To a layman it looks like the command "unblocks" touch which would explain to me why you get given these additional events despite not touching the screen. In that case you could describe them as queued.

Right, the command seems to reset some state, so what could happen is that the messages are already queued on the device, probably shortly before the crash, but the driver has not yet collected them. When the driver state is re-initialized (e.g. by re-loading the modules) it sees and collects the old messages. This could fit to the priority-issue @kitakar5525 mentioned. However the messages could also be the result of some internal state check, e.g. after a reset the device sees that it hasn't yet sent the "no more finger touching the screen" messages although there are no more fingers touching the screen. This also doesn't have to be a hard-reset, could also be something like "disable events for device X" and "enable events for device X" commands.
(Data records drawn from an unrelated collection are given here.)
Lemma beq_widen m n u v : m <= n -> beq m u v -> beq n u v.
Proof.
move=> le_mn; elim=> {u v} [u v a b st|w|w1 w2 _ IH|w1 w2 w3 _ IH1 _ IH2].
- apply: beq_step; case: st => [i b' /andP[i0 im]|i j b' c /andP[i0 im] /andP[j0 jm]|i i0 im].
  + by apply: bs_free; rewrite i0 (leq_trans im le_mn).
  + by apply: bs_comm; rewrite ?i0 ?j0 ?(leq_trans im le_mn) ?(leq_trans jm le_mn).
  + exact: bs_braid i0 (leq_trans im le_mn).
- exact: beq_refl.
- exact: beq_sym.
- exact: beq_trans IH1 IH2.
Qed.

(* Checkable certificates for braid equalities: a move applies a defining
   relation, left to right or right to left, at a given position. *)
Inductive relator := Free of nat & bool | Braid of nat.

Definition relator_ok (n : nat) (r : relator) : bool :=
  match r with Free i _ => 0 < i < n | Braid i => (0 < i) && (i.+1 < n) end.

Definition relator_sides (r : relator) : word * word :=
  match r with
  | Free i b => ([:: (i, b); (i, ~~ b)], [::])
  | Braid i => ([:: (i, true); (i.+1, true); (i, true)],
                [:: (i.+1, true); (i, true); (i.+1, true)])
  end.

Lemma relator_step n r : relator_ok n r ->
  braid_step n (relator_sides r).1 (relator_sides r).2.
Proof. by case: r => [i b|i] /= => [|/andP[]]; [apply: bs_free | apply: bs_braid]. Qed.

Inductive move := Fwd of nat & relator | Bwd of nat & relator.

Definition apply_move (n : nat) (m : move) (w : word) : option word :=
  let: (k, r, a, b) := match m with
    | Fwd k r => (k, r, (relator_sides r).1, (relator_sides r).2)
    | Bwd k r => (k, r, (relator_sides r).2, (relator_sides r).1) end in
  if relator_ok n r && (take (size a) (drop k w) == a)
  then Some (take k w ++ b ++ drop (size a) (drop k w)) else None.

Fixpoint run_moves (n : nat) (ms : seq move) (w : word) : option word :=
  if ms is m :: ms' then obind (run_moves n ms') (apply_move n m w) else Some w.

Lemma apply_move_beq n m w w' : apply_move n m w = Some w' -> beq n w w'.
Proof.
have split_at k j a : take j (drop k w) = a -> w = take k w ++ a ++ drop j (drop k w).
  by move=> <-; rewrite !cat_take_drop.
case: m => [k r|k r]; rewrite /apply_move /=; case: ifP => // /andP[ok /eqP/split_at ew] [<-];
  rewrite {1}ew.
- exact/beq_step/relator_step.
- exact/beq_sym/beq_step/relator_step.
Qed.

Lemma run_moves_beq n ms w w' : run_moves n ms w = Some w' -> beq n w w'.
Proof.
elim: ms w => [|m ms IH] w /=; first by move=> [->]; apply: beq_refl.
case E: (apply_move n m w) => [u|] //= /IH; exact: beq_trans (apply_move_beq E).
Qed.

Lemma swap_atK i : involutive (swap_at i).
Proof. by move=> k; rewrite /swap_at; repeat case: ifP; move=> *; lia. Qed.

Lemma perm_act_cat u v k : perm_act (u ++ v) k = perm_act u (perm_act v k).
Proof. by rewrite /perm_act foldr_cat. Qed.

Lemma perm_act_winv w k : perm_act (winv w) (perm_act w k) = k.
Proof.
elim: w k => [|[i b] w IH] k //.
by rewrite winv_cons perm_act_cat /= swap_atK IH.
Qed.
qzed avatar Jun 05 '19 20:06 qzed

I see. Do you think a truncated event in hid-record means the end of the list of number pairs in a single event (for clarity, an event record to me is the single block of numbers pictured here) is missing or wrong? Or could it mean errors earlier in the record? When I use hid-record it often contains lots of what I would describe as errors. Because I don't know what matters and what doesn't I didn't mention them. Typically these errors don't occur early on after starting the OS but later. I can't show you them yet but as an example if you focus on the block of numbers reserved for a fifth finger touching the screen, despite having only used one or two fingers since booting up hid-record will occasionally show the odd incomplete piece information describing that finger. This sort of thing can pop up in any of the blocks reserved for fingers in an event record. I would say overall that the information being displayed by hid-record gets progressively messier the longer I've been booted up. Do you think on a device without these touch issues information being sent to hid-record would remain tidier?

Just for information the time between each event being sent to hid-record is approximately 0.009s. A quick tap on the screen makes a touch bracket of about four events. These little errors are difficult to look out for because of the volume of events for example, in a single swipe.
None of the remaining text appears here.